Say It Isn’t So: Could Your Child Be a Cyberbully?

We talk a lot about cyber bullying on this blog—how to equip kids handle it and how we can work together to prevent it. But what if your child is the cyberbully?

Common statistics claim that nearly 50 percent of kids polled admit they’ve been the targets of online bullies. On the flip side of that statistic, is the fact that nearly the same percentage of kids admit to having bullied others online. That means, that while it may be hard to imagine your little angel falling into the bully camp, it’s certainly an idea worth exploring. 

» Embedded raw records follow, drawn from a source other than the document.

(* Let $(G,* )$ be a Tychonoff $\aleph_0$-bounded topological group. Then every Rothberger bounded subset of $G$ is zero-dimensional.
   Context: A topological group $(G,* )$ is $\aleph_0$-bounded if for every open neighborhood $U$ of the identity there is a countable $C\subseteq G$ with $C*U=G$. A subset $X$ of $G$ is Rothberger bounded if for every sequence $(U_n:n<\omega)$ of open neighborhoods of the identity there are $g_n\in G$ with $X\subseteq\bigcup_n g_n*U_n$. *)

From HB Require Import structures.
From mathcomp Require Import all_boot all_order all_algebra.
From mathcomp Require Import all_classical all_reals all_analysis.
From mathcomp Require Import Rstruct Rstruct_topology.
From Stdlib Require Import Reals.

Set Implicit Arguments.
Unset Strict Implicit.
Unset Printing Implicit Defensive.

Local Open Scope classical_set_scope.

Definition topological_group (T : topologicalType)
  (mul : T -> T -> T) (inv : T -> T) (e : T) : Prop :=
  [/\ (forall x y z, mul x (mul y z) = mul (mul x y) z),
      (forall x, mul e x = x /\ mul x e = x),
      (forall x, mul (inv x) x = e /\ mul x (inv x) = e),
      continuous (fun p : T * T => mul p.1 p.2) &
      continuous inv].

Definition tychonoff_space (T : topologicalType) : Prop :=
  accessible_space T /\
  forall (a : T) (B : set T), closed B -> ~ B a ->
    exists f : T -> R, [/\ continuous f, f a = 0%R &
                          forall b, B b -> f b = 1%R].

Definition ltranslate (T : Type) (mul : T -> T -> T) (g : T) (U : set T) :
  set T := [set mul g u | u in U].

Definition aleph0_bounded (T : topologicalType) (mul : T -> T -> T) (e : T)
  : Prop :=
  forall U : set T, open U -> U e ->
    exists C : set T, countable C /\
      [set mul c u | c in C & u in U] = [set: T].

Definition rothberger_bounded (T : topologicalType) (mul : T -> T -> T) (e : T)
  (X : set T) : Prop :=
  forall U : nat -> set T, (forall n, open (U n) /\ U n e) ->
    exists g : nat -> T, X `<=` \bigcup_n ltranslate mul (g n) (U n).

(* X is zero-dimensional (as a subspace): the subspace topology on X has a
   base of clopen sets, i.e. every point x of X and every open U of T with
   x in U, there is a relatively clopen W of X with x in W, W inside U. *)
Definition zero_dimensional_subset (T : topologicalType) (X : set T) : Prop :=
  forall (x : T) (U : set T), X x -> open U -> U x ->
    exists W : set T,
      [/\ W x, W `<=` X `&` U,
          (exists O : set T, open O /\ W = O `&` X) &
          (exists C : set T, closed C /\ W = C `&` X)].

From mathcomp Require Import all_boot all_order all_algebra.
From mathcomp Require Import all_classical all_reals all_analysis.

(* Fix x in X and a neighbourhood U of x.  Choose open neighbourhoods
   N_0 = x^-1 U, N_n of e with N_(n+1)^3 included in N_n, and use Rothberger
   boundedness to cover X by translates g_n V_n with V_n^-1 V_n inside N_(n+1).
   Let W be the set of points of X reachable from x through a chain of these
   pieces in which no index is used twice.  A product of elements of distinct
   N_(n+1), n >= m, taken in order, lies in N_m (split at the least index and
   induct, as for sums of distinct powers of 1/2), so W is inside x N_0 = U.
   Both W and X \ W are unions of traces of pieces, so W is clopen in X. *)

Set Implicit Arguments.
Unset Strict Implicit.
Unset Printing Implicit Defensive.

Local Open Scope classical_set_scope.

Lemma mem_map_fst_split (I : eqType) (T : Type) (i : I) (s : seq (I * T)) :
  i \in map fst s -> exists s1 b s2, s = s1 ++ (i, b) :: s2.
Proof.
elim: s => [|[j b] s IH] //=; rewrite in_cons => /orP[/eqP ->|/IH].
  by exists [::], b, s.
by case=> s1 [c [s2 ->]]; exists ((j, b) :: s1), c, s2.
Qed.

Lemma window_shift m k i :
  m <= i < m + k.+1 -> i != m -> m.+1 <= i < m.+1 + k.
Proof.
by move=> /andP[mi ik] im; rewrite addSnnS ik andbT ltn_neqAle eq_sym im.
Qed.

Section Chains.
Variables (T : Type) (P : nat -> T -> Prop).

Fixpoint chain (a : T) (s : seq (nat * T)) : Prop :=
  if s is (n, b) :: s' then [/\ P n a, P n b & chain b s'] else True.

Definition chain_end (a : T) (s : seq (nat * T)) : T := last a (map snd s).

Lemma chain_cat a s1 s2 :
  chain a (s1 ++ s2) <-> chain a s1 /\ chain (chain_end a s1) s2.
Proof.
elim: s1 a => [|[n b] s1 IH] a /=; first by split=> [|[]].
split=> [[Pa Pb /IH[cs1 cs2]]|[[Pa Pb cs1] cs2]] //.
by split=> //; apply/IH.
Qed.

Lemma chain_end_rcons a s n b : chain_end a (s ++ [:: (n, b)]) = b.
Proof. by rewrite /chain_end map_cat last_cat. Qed.

Definition chain_reach (x y : T) : Prop :=
  exists s, [/\ chain x s, uniq (map fst s) & chain_end x s = y].

Lemma chain_reach_refl x : chain_reach x x.
Proof. by exists [::]. Qed.

(* If index n already occurs in the chain, cut the chain at that step and
   jump from there to z, so that indices stay distinct. *)
Lemma chain_reach_step x y n z :
  chain_reach x y -> P n y -> P n z -> chain_reach x z.
Proof.
case=> s [cs us <-] Py Pz.
have [ns|ns] := boolP (n \in map fst s).
  have [s1 [b [s2 es]]] := mem_map_fst_split ns; subst s.
  move: cs => /chain_cat[cs1 /= [Pb _ _]].
  exists (s1 ++ [:: (n, z)]); split; last exact: chain_end_rcons.
    by apply/chain_cat.
  move: us; rewrite !map_cat !cat_uniq /= => /and3P[-> /norP[ns1 _] _].
  by rewrite orbF ns1.
exists (s ++ [:: (n, z)]); split; last exact: chain_end_rcons.
  by apply/chain_cat.
by rewrite map_cat cat_uniq us /= orbF ns.
Qed.

Lemma chain_reach_closed (X : set T) x y :
  (forall n c, P n c -> X c) -> X x -> chain_reach x y -> X y.
Proof.
move=> PX + [s [cs _ <-]]; elim: s x cs => [|[n b] s IH] x //= [_ Pb cs] _.
exact: IH cs (PX _ _ Pb).
Qed.

End Chains.

Section GroupChains.
Variables (T : Type) (mul : T -> T -> T) (inv : T -> T) (e : T).
Hypothesis mulA : forall x y z, mul x (mul y z) = mul (mul x y) z.
Hypothesis unitg : forall x, mul e x = x /\ mul x e = x.
Hypothesis invg : forall x, mul (inv x) x = e /\ mul x (inv x) = e.

Lemma mulg_cancel_mid p c q : mul (mul p c) (mul (inv c) q) = mul p q.
Proof. by rewrite mulA -(mulA p c) (invg c).2 (unitg p).2. Qed.

Lemma invgM a b : inv (mul a b) = mul (inv b) (inv a).
Proof.
have abK : mul (mul a b) (mul (inv b) (inv a)) = e.
  by rewrite mulg_cancel_mid (invg a).2.
by rewrite -[RHS](unitg _).1 -(invg (mul a b)).1 -mulA abK (unitg _).2.
Qed.

Lemma ltranslateE g (A : set T) : ltranslate mul g A = mul (inv g) @^-1` A.
Proof.
rewrite eqEsubset; split=> z.
  by case=> u Au <-; rewrite /= mulA (invg g).1 (unitg u).1.
move=> Az; exists (mul (inv g) z) => //.
by rewrite mulA (invg g).2 (unitg z).1.
Qed.

Lemma ltranslate_div g (A : set T) c b :
  ltranslate mul g A c -> ltranslate mul g A b ->
  exists2 u, A u & exists2 v, A v & mul (inv c) b = mul (inv u) v.
Proof.
case=> u Au <- [v Av <-]; exists u => //; exists v => //.
by rewrite invgM -mulA (mulA (inv g)) (invg g).1 (unitg v).1.
Qed.

Variables (P : nat -> T -> Prop) (N : nat -> set T).
Hypothesis N_unit : forall n, N n e.
Hypothesis N_cube : forall n u v w,
  N n.+1 u -> N n.+1 v -> N n.+1 w -> N n (mul u (mul v w)).
Hypothesis P_div : forall n c b, P n c -> P n b -> N n.+1 (mul (inv c) b).

Let N_succ n u : N n.+1 u -> N n u.
Proof. by move=> /(N_cube (N_unit _) (N_unit _)); rewrite !(unitg u).1. Qed.

(* The product telescopes along the chain; split it at the step of index m,
   whose two sides only use indices above m. *)
Lemma chain_window_bound k m a s :
  chain P a s -> uniq (map fst s) ->
  (forall i, i \in map fst s -> m <= i < m + k) ->
  N m (mul (inv a) (chain_end a s)).
Proof.
elim: k m a s => [|k IH] m a s cs us win.
  case: s cs us win => [|[n b] s] _ _ win; first by rewrite (invg a).1.
  by have := win n (mem_head _ _); rewrite addn0 ltnNge => /andP[->].
have [ms|ms] := boolP (m \in map fst s); last first.
  apply/N_succ/IH => // i si; apply: window_shift; first exact: win.
  by apply: contraNneq ms => <-.
have [s1 [b [s2 es]]] := mem_map_fst_split ms; subst s.
move: cs => /chain_cat[cs1 /= [Pc Pb cs2]].
move: us; rewrite map_cat cat_uniq /=.
move=> /and3P[us1 /norP[ms1 _] /andP[ms2 us2]].
have win' (l : seq nat) : {subset l <= map fst (s1 ++ (m, b) :: s2)} ->
    m \notin l -> forall i, i \in l -> m.+1 <= i < m.+1 + k.
  move=> sub ml i li; apply: window_shift; first exact/win/sub.
  by apply: contraNneq ml => <-.
have sub1 : {subset map fst s1 <= map fst (s1 ++ (m, b) :: s2)}.
  by move=> i; rewrite map_cat mem_cat => ->.
have sub2 : {subset map fst s2 <= map fst (s1 ++ (m, b) :: s2)}.
  by move=> i; rewrite map_cat mem_cat /= in_cons => ->; rewrite !orbT.
have N1 := IH _ _ _ cs1 us1 (win' _ sub1 ms1).
have N3 := IH _ _ _ cs2 us2 (win' _ sub2 ms2).
have := N_cube N1 (P_div Pc Pb) N3.
by rewrite !mulg_cancel_mid /chain_end map_cat last_cat.
Qed.

Lemma chain_reach_bound x y : chain_reach P x y -> N 0 (mul (inv x) y).
Proof.
case=> s [cs us <-].
apply: (@chain_window_bound (\max_(i <- map fst s) i).+1) => // i si.
by rewrite add0n ltnS (leq_bigmax_seq _ si).
Qed.

End GroupChains.

Section TopologicalGroup.
Variables (T : topologicalType) (mul : T -> T -> T) (inv : T -> T) (e : T).
Hypothesis tgT : topological_group mul inv e.

Lemma continuous_lmul g : continuous (mul g).
Proof.
have [_ _ _ cmul _] := tgT.
move=> x.
apply: (@continuous_comp _ _ _ (pair g) (fun p : T * T => mul p.1 p.2)).
  by apply: cvg_pair; [exact: cvg_cst | exact: cvg_id].
exact: cmul.
Qed.

Lemma open_ltranslate g (A : set T) : open A -> open (ltranslate mul g A).
Proof.
have [mulA unitg invg _ _] := tgT.
rewrite (ltranslateE mulA unitg invg).
by move: (@continuous_lmul (inv g)) => /continuousP; apply.
Qed.

Lemma open_nbhs_mul_sub (O : set T) : open O -> O e ->
  exists A : set T, [/\ open A, A e & forall u v, A u -> A v -> O (mul u v)].
Proof.
have [_ unitg _ cmul _] := tgT.
move=> oO Oe; have : nbhs (e, e) ((fun p : T * T => mul p.1 p.2) @^-1` O).
  by apply: cmul; rewrite /= (unitg e).1; exact: open_nbhs_nbhs.
case=> [[A B] [/= nA nB] AB_O].
have : nbhs e (A `&` B) by exact: filterI.
rewrite nbhsE => -[C [oC Ce] CAB]; exists C; split=> // u v Cu Cv.
by apply: (AB_O (u, v)); split; [exact: (CAB _ Cu).1 | exact: (CAB _ Cv).2].
Qed.

Lemma open_nbhs_cube_sub (O : set T) : open O -> O e ->
  exists A : set T, [/\ open A, A e &
    forall u v w, A u -> A v -> A w -> O (mul u (mul v w))].
Proof.
have [_ unitg _ _ _] := tgT.
move=> oO Oe; have [A [oA Ae AA_O]] := open_nbhs_mul_sub oO Oe.
have [B [oB Be BB_A]] := open_nbhs_mul_sub oA Ae.
exists B; split=> // u v w Bu Bv Bw; apply: AA_O; last exact: BB_A.
by rewrite -(unitg u).2; apply: BB_A.
Qed.

Lemma open_nbhs_div_sub (O : set T) : open O -> O e ->
  exists A : set T,
    [/\ open A, A e & forall u v, A u -> A v -> O (mul (inv u) v)].
Proof.
have [mulA unitg invg _ cinv] := tgT.
move=> oO Oe; have [B [oB Be BB_O]] := open_nbhs_mul_sub oO Oe.
exists (B `&` inv @^-1` B); split.
- by apply: openI => //; move: cinv => /continuousP; apply.
- by split=> //=; rewrite -[inv e](unitg _).2 (invg e).1.
- by move=> u v [_ Bu] [Bv _]; apply: BB_O.
Qed.

Lemma shrinking_nbhs (O : set T) : open O -> O e ->
  exists N : nat -> set T, [/\ N 0 = O, forall n, open (N n) /\ N n e &
    forall n u v w, N n.+1 u -> N n.+1 v -> N n.+1 w -> N n (mul u (mul v w))].
Proof.
move=> oO Oe.
have /choice[f fP] : forall O : {O : set T | open O /\ O e},
    exists A : {A : set T | open A /\ A e}, forall u v w,
      sval A u -> sval A v -> sval A w -> sval O (mul u (mul v w)).
  move=> [V [oV Ve]]; have [A [oA Ae AV]] := open_nbhs_cube_sub oV Ve.
  by exists (exist _ A (conj oA Ae)).
pose O0 : {O : set T | open O /\ O e} := exist _ O (conj oO Oe).
exists (fun n => sval (iter n f O0)).
split=> // n; first exact: (svalP (iter n f O0)).
by move=> u v w; apply: fP.
Qed.

End TopologicalGroup.

Section ChainComponent.
Variables (T : topologicalType) (X : set T) (V : nat -> set T).
Hypothesis openV : forall n, open (V n).
Hypothesis X_cover : X `<=` \bigcup_n V n.

Definition chain_component (x : T) : set T :=
  chain_reach (fun n c => X c /\ V n c) x.

Variable x : T.
Hypothesis Xx : X x.

Lemma chain_component_sub : chain_component x `<=` X.
Proof. by move=> y; apply: chain_reach_closed Xx => n c []. Qed.

Lemma chain_component_relatively_open :
  exists O, open O /\ chain_component x = O `&` X.
Proof.
exists (\bigcup_(n in [set n | exists2 y, chain_component x y & V n y]) V n).
split; first exact: bigcup_open.
rewrite eqEsubset; split=> y.
  move=> Wy; have Xy := chain_component_sub Wy; split=> //.
  by have [n _ Vny] := X_cover Xy; exists n => //; exists y.
case=> -[n [z Wz Vnz] Vny] Xy.
exact: chain_reach_step Wz (conj (chain_component_sub Wz) Vnz) (conj Xy Vny).
Qed.

Lemma chain_component_relatively_closed :
  exists C, closed C /\ chain_component x = C `&` X.
Proof.
exists (~` \bigcup_(n in [set n | exists y,
  [/\ X y, V n y & ~ chain_component x y]]) V n).
split; first exact/open_closedC/bigcup_open.
rewrite eqEsubset; split=> y.
  move=> Wy; have Xy := chain_component_sub Wy; split=> //.
  case=> n [z [Xz Vnz nWz]] Vny; apply: nWz.
  exact: chain_reach_step Wy (conj Xy Vny) (conj Xz Vnz).
case=> nO Xy; apply: contrapT => nWy.
by have [n _ Vny] := X_cover Xy; apply: nO; exists n => //; exists y.
Qed.

End ChainComponent.

Theorem proposition3 (T : topologicalType) (mul : T -> T -> T) (inv : T -> T)
  (e : T) :
  topological_group mul inv e -> tychonoff_space T -> aleph0_bounded mul e ->
  forall X : set T, rothberger_bounded mul e X -> zero_dimensional_subset X.
Proof.
move=> tgT _ _ X RX x U Xx oU Ux; have [mulA unitg invg _ _] := tgT.
pose Ux0 := mul x @^-1` U.
have oUx0 : open Ux0.
  by move: (@continuous_lmul _ _ _ _ tgT x) => /continuousP; apply.
have Ux0e : Ux0 e by rewrite /Ux0 /= (unitg x).2.
have [N [N0 Nnbhs Ncube]] := shrinking_nbhs tgT oUx0 Ux0e.
have /choice[V VP] : forall n, exists A : set T,
    [/\ open A, A e & forall u v, A u -> A v -> N n.+1 (mul (inv u) v)].
  by move=> n; have [oN Ne] := Nnbhs n.+1; exact: (open_nbhs_div_sub tgT oN Ne).
have [n|g X_cover] := RX V; first by have [] := VP n.
pose piece n := ltranslate mul (g n) (V n).
have open_piece n : open (piece n).
  by apply: (open_ltranslate tgT); have [] := VP n.
exists (chain_component X piece x); split.
- exact: chain_reach_refl.
- move=> y Wy; split; first exact: chain_component_sub Wy.
  have piece_div n c b : X c /\ piece n c -> X b /\ piece n b ->
      N n.+1 (mul (inv c) b).
    move=> [_ c_n] [_ b_n].
    have [u Vu [v Vv ->]] := ltranslate_div mulA unitg invg c_n b_n.
    by have [_ _] := VP n; apply.
  have := chain_reach_bound mulA unitg invg (fun n => (Nnbhs n).2) Ncube
    piece_div Wy.
  by rewrite N0 /Ux0 /= mulA (invg x).2 (unitg y).1.
- exact: chain_component_relatively_open.
- exact: chain_component_relatively_closed.
Qed.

With peer-to-peer interaction online laced with a culture and slang all its own, it’s easy for some cyberbullying to be camouflaged as everyday banter or “jk-ing,” aka, “just joking.” So, for starters, simply review your child’s social media pages. Be on the lookout for comments, posts, or shares your child passes off as funny, cool, or silly that may actually take a jab at another person.

 Remind your child that cyberbullying includes:

  •  Saying hurtful or intimidating things to someone online, through an email or via text.
  •  Using the Internet to ask people to vote on another person, such as “Is this person hot or not?” or “Would you go out with this person?”
  • Posting private photos, emails, texts, or private instant messages without the permission of another person.
  • Knowingly posting unflattering or embarrassing photos of another person along with negative comments (or joining in if another person does so first).
  • Spreading rumors or false information about another person online.
  • Calling names, racial slurs, or giving hurtful nicknames to people online.
  • Making any type of threat no matter how harmless you think it may be.

‘So what do I do now?’

If you find your child doing any of these things, it’s time to talk. Be careful not to over react, or shame him but do address the situation immediately. It’s likely if the behavior continues unchecked, another parent, school official, or even law enforcement could issue your child consequences before you do.

Sit down with your child one-on-one and begin the conversation without accusing. This is not a comment to be handled in passing. View this as a teaching opportunity, not a lecture. Remember: often times children simply don’t know what they don’t know. Not all cyberbullies are bad kids; they are simply kids who do not fully understand the impact of their online actions.

Be specific. Be prepared with references and specific examples of your child’s online comments and be clear on what is considered cyberbullying and why it is considered cyberbullying. Explain the difference between what is funny and what is cruel.

Stress the power of words and how hurtful words become when they are shared and multiplied online.

Teach compassion. Ask your child to put himself in the shoes of the other person. Ask him if someone directed the same post, photo or “joke” at him online how it he imagines it would him feel. If relevant, suggest your child make amends with the person they may have hurt by their online actions.

Get visual. Kids respond well to video (and often parents need to take a breath). Take a few minutes and watch a short YouTube video on cyber bullying together (we like this one) and discuss the possible short and long-term emotional impact of online gossip. If you have an hour or two, we also suggest the entire family (kids over 13) sit down together and watch the movie Cyberbully

Establish consequences. Every parent will handle the consequences of cyber bullying differently. This is a great opportunity to stress the responsibility of using digital devices and to reinstate the privilege of using a computer or cell phone based on your child’s online behavior.

Use discernment. It’s important to remember that the online culture teens create in their peer group can seem harmless to them but stand out as blatantly offensive to adults. Handle each situation with care and discernment so the conversation around digital responsibility remains open in your home.

Monitor and praise. Moving forward, monitor your child’s online behavior and while you enforce consequences be sure to recognize his online wins and his choices to be positive.